The burst, FRB 180301, was detected during the Breakthrough Listen (BL) Galactic plane survey [Isaacson et. al., PASP, 129, 9, 2017]. BL is foremostly a search for technologically-capable life beyond Earth; however, a real-time search for FRBs runs in tandem, using the HI-Pulsar digital system [Keith et. al., MNRAS, 409, 2, 2010; Price et. al., JAI, 5, 4, 2016; Keane et al., MNRAS, 473, 116, 2018]. The burst has also been detected with the Breakthrough Listen digital backend using an independent search technique [Gajjar et al. 2017, ATel #10675]. After detection, calibration routines were run and follow-up observations continued for approximately 2 hours; no further bursts were found. The BL digital systems record voltage-level data products to disk [MacMahon et al. arXiv:1707.06024v2], and these data have been preserved. Additional analysis is ongoing.

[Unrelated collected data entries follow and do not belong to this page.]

(* Let $k \geq 2$ be an integer, let $G$ be a $k$-connected $(K_2 \cup kK_1)$-free graph, and let $C$ be a longest cycle in $G$. Then every component of $G - V(C)$ consists of a single vertex.
   Context: All graphs are finite, undirected and simple. For graphs $R, R'$, $R \cup R'$ is their disjoint union and $kR$ is the disjoint union of $k$ copies of $R$; $K_n$ is the complete graph on $n$ vertices. A graph $G$ is $R$-free if it contains no induced subgraph isomorphic to $R$. *)

(* A simple graph is a symmetric irreflexive relation e on a finType T. *)
From mathcomp Require Import all_boot all_order.
Set Implicit Arguments. Unset Strict Implicit. Unset Printing Implicit Defensive.

Definition restrict_rel (T : finType) (e : rel T) (S : pred T) : rel T :=
  [rel a b | [&& e a b, S a & S b]].

Definition k_connected (T : finType) (e : rel T) (k : nat) : Prop :=
  k < #|T| /\
  forall X : {set T}, #|X| < k ->
    forall x y, x \notin X -> y \notin X ->
      connect (restrict_rel e [pred v | v \notin X]) x y.

Definition induced_sub (V : finType) (eR : rel V) (T : finType) (e : rel T) : Prop :=
  exists f : V -> T, injective f /\ forall x y, e (f x) (f y) = eR x y.

Definition free (V : finType) (eR : rel V) (T : finType) (e : rel T) : Prop :=
  ~ induced_sub eR e.

Definition K2_kK1 (k : nat) : rel 'I_(k.+2) :=
  [rel x y | ((val x == 0) && (val y == 1)) || ((val x == 1) && (val y == 0))].

Definition is_cycle (T : finType) (e : rel T) (c : seq T) : Prop :=
  [/\ uniq c, 2 < size c & cycle e c].

Definition longest_cycle (T : finType) (e : rel T) (c : seq T) : Prop :=
  is_cycle e c /\ forall c', is_cycle e c' -> size c' <= size c.
Arguments K2_kK1 k : clear implicits.

From mathcomp Require Import all_boot all_order.
Set Implicit Arguments. Unset Strict Implicit. Unset Printing Implicit Defensive.

(* Suppose the component H of G - V(C) containing x has an edge x x1, and let
   N be the set of vertices of C with a neighbour in H.  For distinct u, w in N
   the successors u+, w+ on C are non-adjacent, since otherwise C could be
   rerouted through H into a longer cycle; taking w = u+ shows that u+ is not in
   N, i.e. u+ has no neighbour in H.  Deleting N therefore separates H from the
   nonempty set V(C) - N, so |N| >= k, and x, x1 together with the successors of
   k vertices of N induce K_2 \cup k K_1. *)

Section Paths.
Variables (T : finType) (r : rel T).

Lemma path_restrict_rel (S : pred T) a p :
  path (restrict_rel r S) a p -> path r a p && all S p.
Proof.
elim: p a => //= b p IHp a /andP[/and3P[rab _ Sb] /IHp /andP[-> ->]].
by rewrite rab Sb.
Qed.

Lemma restrict_rel_sym (S : pred T) :
  symmetric r -> symmetric (restrict_rel r S).
Proof. by move=> rsym a b; rewrite /restrict_rel /= rsym (andbC (S a)). Qed.

Lemma cycle_cons_cat x0 p1 y0 p2 :
  cycle r (x0 :: p1 ++ y0 :: p2) =
  [&& path r x0 p1, r (last x0 p1) y0, path r y0 p2 & r (last y0 p2) x0].
Proof. by rewrite /= rcons_cat cat_path /= rcons_path. Qed.

Lemma cycle_reroute x0 p1 y0 p2 a P : symmetric r ->
    path r x0 p1 -> r x0 y0 -> path r y0 p2 ->
    path r a P -> r (last y0 p2) a -> r (last a P) (last x0 p1) ->
  cycle r ((a :: P) ++ rev (x0 :: p1) ++ y0 :: p2).
Proof.
move=> rsym p1P rx0y0 p2P PP ra rb.
set l := last x0 p1; set R := rev (belast x0 p1).
have rev_p1 : rev (x0 :: p1) = l :: R by rewrite {1}(lastI x0 p1) rev_rcons.
have last_R : last l R = x0 by rewrite -(last_cons x0) -rev_p1 rev_cons last_rcons.
have R_path : path r l R.
  by rewrite rev_path (@eq_path _ _ r) // => z1 z2; exact: rsym.
rewrite rev_p1 catA !cat_cons cycle_cons_cat cat_path PP /= rb R_path.
by rewrite !last_cat /= last_R rx0y0 p2P ra.
Qed.

End Paths.

Section InducedK2kK1.
Variables (T : finType) (r : rel T).
Hypotheses (rsym : symmetric r) (rirr : irreflexive r).

Lemma induced_K2_kK1 k x y (g : 'I_k -> T) :
    r x y -> injective g -> (forall i, ~~ r (g i) x && ~~ r (g i) y) ->
    (forall i j, ~~ r (g i) (g j)) ->
  induced_sub (K2_kK1 k) r.
Proof.
move=> rxy g_inj g_xy g_indep.
have g_x i : r (g i) x = false by case/andP: (g_xy i) => /negbTE.
have g_y i : r (g i) y = false by case/andP: (g_xy i) => _ /negbTE.
have g_ne i : (g i != x) && (g i != y).
  apply/andP; split; [apply: contraFneq (g_y i) | apply: contraFneq (g_x i)].
    by move=> ->.
  by move=> ->; rewrite rsym.
have xy : x != y by apply: contraTneq rxy => ->; rewrite rirr.
pose f (i : 'I_k.+2) := match i with
  | Ordinal 0 _ => x | Ordinal 1 _ => y | Ordinal j.+2 hj => g (Ordinal (hj : j < k))
  end.
exists f; split.
- move=> [[|[|i]] hi] [[|[|j]] hj] //= fij; apply: val_inj => //=.
  + by rewrite fij eqxx in xy.
  + by move: (g_ne (Ordinal (hj : j < k))); rewrite -fij eqxx.
  + by rewrite fij eqxx in xy.
  + by move: (g_ne (Ordinal (hj : j < k))); rewrite -fij eqxx andbF.
  + by move: (g_ne (Ordinal (hi : i < k))); rewrite fij eqxx.
  + by move: (g_ne (Ordinal (hi : i < k))); rewrite fij eqxx andbF.
  + by move/(congr1 val): (g_inj _ _ fij) => /= ->.
- move=> [[|[|i]] hi] [[|[|j]] hj]; rewrite /K2_kK1 /= ?rirr //.
  + by rewrite (rsym x) g_x.
  + by rewrite rsym.
  + by rewrite (rsym y) g_y.
  + exact/negbTE/g_indep.
Qed.

End InducedK2kK1.

Section LongestCycle.
Variables (T : finType) (e : rel T) (c : seq T).
Hypotheses (esym : symmetric e) (eirr : irreflexive e)
  (c_longest : longest_cycle e c).

Let c_uniq : uniq c. Proof. by case: c_longest => -[]. Qed.
Let c_cycle : cycle e c. Proof. by case: c_longest => -[]. Qed.

Lemma next_inj : injective (next c).
Proof. exact: (can_inj (prev_next c_uniq)). Qed.

Local Notation outside := (restrict_rel e [pred v | v \notin c]).

Lemma connect_outside_path a b : a \notin c -> connect outside a b ->
  exists P, [/\ path e a P, uniq (a :: P), all [pred v | v \notin c] (a :: P)
              & last a P = b].
Proof.
move=> ac /connectP[p pR ->]; case: (shortenP pR) => P PR P_uniq _.
by have /andP[PP Pc] := path_restrict_rel PR; exists P; rewrite /= ac.
Qed.

(* An ear of [c] from [u] to [w] through [G - V(c)], together with an edge
   [next c u -- next c w], gives the longer cycle
   ear ++ reversed arc [next c u .. w] ++ arc [next c w .. u]. *)
Lemma ear_next_nonadjacent u w a b :
    u \in c -> w \in c -> u != w -> a \notin c -> connect outside a b ->
    e u a -> e w b ->
  ~~ e (next c u) (next c w).
Proof.
move=> uc wc uw ac ab eua ewb; apply/negP => exy.
have [P [PP P_uniq P_out Pb]] := connect_outside_path ac ab; subst b.
set x0 := next c u; set y0 := next c w.
have x0y0 : x0 != y0 by apply: contra uw => /eqP/next_inj/eqP.
have x0c : x0 \in c by rewrite mem_next.
have y0c : y0 \in c by rewrite mem_next.
have [i p1 p2 _ _ crot] := rot_to_arc c_uniq x0c y0c x0y0.
have := c_cycle; rewrite -(rot_cycle i) crot cycle_cons_cat.
case/and4P=> p1P _ p2P _.
have := cycle_next c_uniq; rewrite -(rot_cycle i) crot cycle_cons_cat.
case/and4P=> _ /eqP/next_inj last_p1 _ /eqP/next_inj last_p2.
have c_perm : perm_eq (rev (x0 :: p1) ++ y0 :: p2) c.
  by rewrite perm_sym -(perm_rot i c) crot -cat_cons perm_cat2r perm_sym perm_rev.
have [[_ c_size _] c_max] := c_longest.
suff /c_max : is_cycle e ((a :: P) ++ rev (x0 :: p1) ++ y0 :: p2).
  by rewrite size_cat (perm_size c_perm) /= addSn ltnNge leq_addl.
rewrite /is_cycle; split.
- rewrite cat_uniq P_uniq (perm_uniq c_perm) c_uniq andbT.
  apply/hasPn => v; rewrite (perm_mem c_perm) => vc; apply/negP => vP.
  by move/allP: P_out => /(_ v vP); rewrite /= vc.
- by rewrite size_cat (perm_size c_perm) ltn_addl.
- by apply: cycle_reroute => //; rewrite ?last_p2 // last_p1 esym.
Qed.

Variable x : T.
Hypothesis xc : x \notin c.

Definition attachments := [set u in c | [exists v, connect outside x v && e u v]].

Lemma component_outside v : connect outside x v -> v \notin c.
Proof.
case/(connect_outside_path xc) => P [_ _ /allP P_out <-].
exact: P_out (mem_last x P).
Qed.

Lemma next_attachments_nonadjacent u w :
  u \in attachments -> w \in attachments -> u != w ->
  ~~ e (next c u) (next c w).
Proof.
rewrite !inE => /andP[uc /existsP[a /andP[xa eua]]].
move=> /andP[wc /existsP[b /andP[xb ewb]]] uw.
apply: (ear_next_nonadjacent uc wc uw (component_outside xa) _ eua ewb).
by apply: connect_trans xb; rewrite (sym_connect_sym (restrict_rel_sym _ esym)).
Qed.

Lemma next_attachment_notin u : u \in attachments -> next c u \notin attachments.
Proof.
move=> uN; have uc : u \in c by case/setIdP: uN.
have e_next := next_cycle c_cycle.
apply/negP => /(next_attachments_nonadjacent uN)/implyP; rewrite implyNb.
apply/negP/norP; split; last by rewrite e_next ?mem_next.
by apply: contraTneq (e_next _ uc) => <-; rewrite eirr.
Qed.

Lemma next_attachment_nonadjacent_component u v :
  u \in attachments -> connect outside x v -> ~~ e (next c u) v.
Proof.
move=> uN xv; apply: contra (next_attachment_notin uN) => e_next.
rewrite inE mem_next (setIdP uN).1; apply/existsP; exists v.
by rewrite xv e_next.
Qed.

Lemma connect_avoiding_attachments z :
  connect (restrict_rel e [pred v | v \notin attachments]) x z ->
  connect outside x z.
Proof.
case/connectP => p; elim/last_ind: p z => [|p b IHp] z; first by move=> _ ->.
rewrite rcons_path last_rcons => /andP[/IHp/(_ erefl) xa /and3P[eab _ bN]] ->.
have bc : b \notin c.
  apply: contra bN => bc; rewrite inE bc; apply/existsP.
  by exists (last x p); rewrite xa esym.
apply: (connect_trans xa (connect1 _)).
by rewrite /restrict_rel /= eab bc (component_outside xa).
Qed.

Lemma attachments_card k : k_connected e k -> k <= #|attachments|.
Proof.
case=> _ k_conn; rewrite leqNgt; apply/negP => smallN.
have [z zc zN] : exists2 z, z \in c & z \notin attachments.
  have [u uc] : exists u, u \in c.
    by case: c c_longest => [[[_]]|u ? _]; [|exists u; rewrite mem_head].
  have [uN | uN] := boolP (u \in attachments); last by exists u.
  by exists (next c u); rewrite ?mem_next ?next_attachment_notin.
have xN : x \notin attachments by apply: contra xc => /setIdP[].
have /connect_avoiding_attachments/component_outside := k_conn _ smallN x z xN zN.
by rewrite zc.
Qed.

Lemma component_edge_induced_K2_kK1 k x1 :
  k_connected e k -> e x x1 -> x1 \notin c -> induced_sub (K2_kK1 k) e.
Proof.
move=> k_conn ex1 x1c; have kN := attachments_card k_conn.
pose u (i : 'I_k) := enum_val (widen_ord kN i).
have uN i : u i \in attachments := enum_valP _.
have u_inj : injective u.
  by move=> i j /enum_val_inj/(congr1 val) /= ?; apply: val_inj.
apply: (@induced_K2_kK1 _ _ esym eirr _ _ _ (next c \o u) ex1).
- by move=> i j /next_inj/u_inj.
- move=> i; have nadj := next_attachment_nonadjacent_component (uN i).
  rewrite /= (nadj x (connect0 _ _)) nadj //.
  by apply: connect1; rewrite /restrict_rel /= ex1 xc.
- move=> i j; have [-> | ij] := eqVneq i j; first by rewrite /= eirr.
  by rewrite /= next_attachments_nonadjacent ?(inj_eq u_inj).
Qed.

End LongestCycle.

Theorem mainTheorem8 (k : nat) (T : finType) (e : rel T) :
  2 <= k -> symmetric e -> irreflexive e ->
  k_connected e k -> free (K2_kK1 k) e ->
  forall c : seq T, longest_cycle e c ->
  forall x y : T, x \notin c -> y \notin c ->
    connect (restrict_rel e [pred v | v \notin c]) x y -> x = y.
Proof.
move=> _ esym eirr k_conn K_free c c_longest x y xc _.
case/connectP => -[_ -> // | x1 p /= /andP[/and3P[ex1 _ x1c] _] _].
case: K_free.
exact: (component_edge_induced_K2_kK1 esym eirr c_longest xc k_conn ex1).
Qed.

The Galactic contribution to the DM along this line of sight is around ~155 pc cm^-3 using the NE2001 electron density model for the Milky Way [Cordes & Lazio, arXiv:0207156v3, 2002], and 233 pc cm^-3 using the YMW16 model [Yao et al., ApJ, 835, 29, 2016]. Assuming a host Galaxy contribution of ~100 pc cm^-2, we estimate the redshift to be around ~0.2, for zero host contribution it is ~0.3.
We encourage prompt multi-wavelength follow-up. Based on the half-power beam width of the receiver, the positional uncertainty is of the order of 14 arcminutes (radius).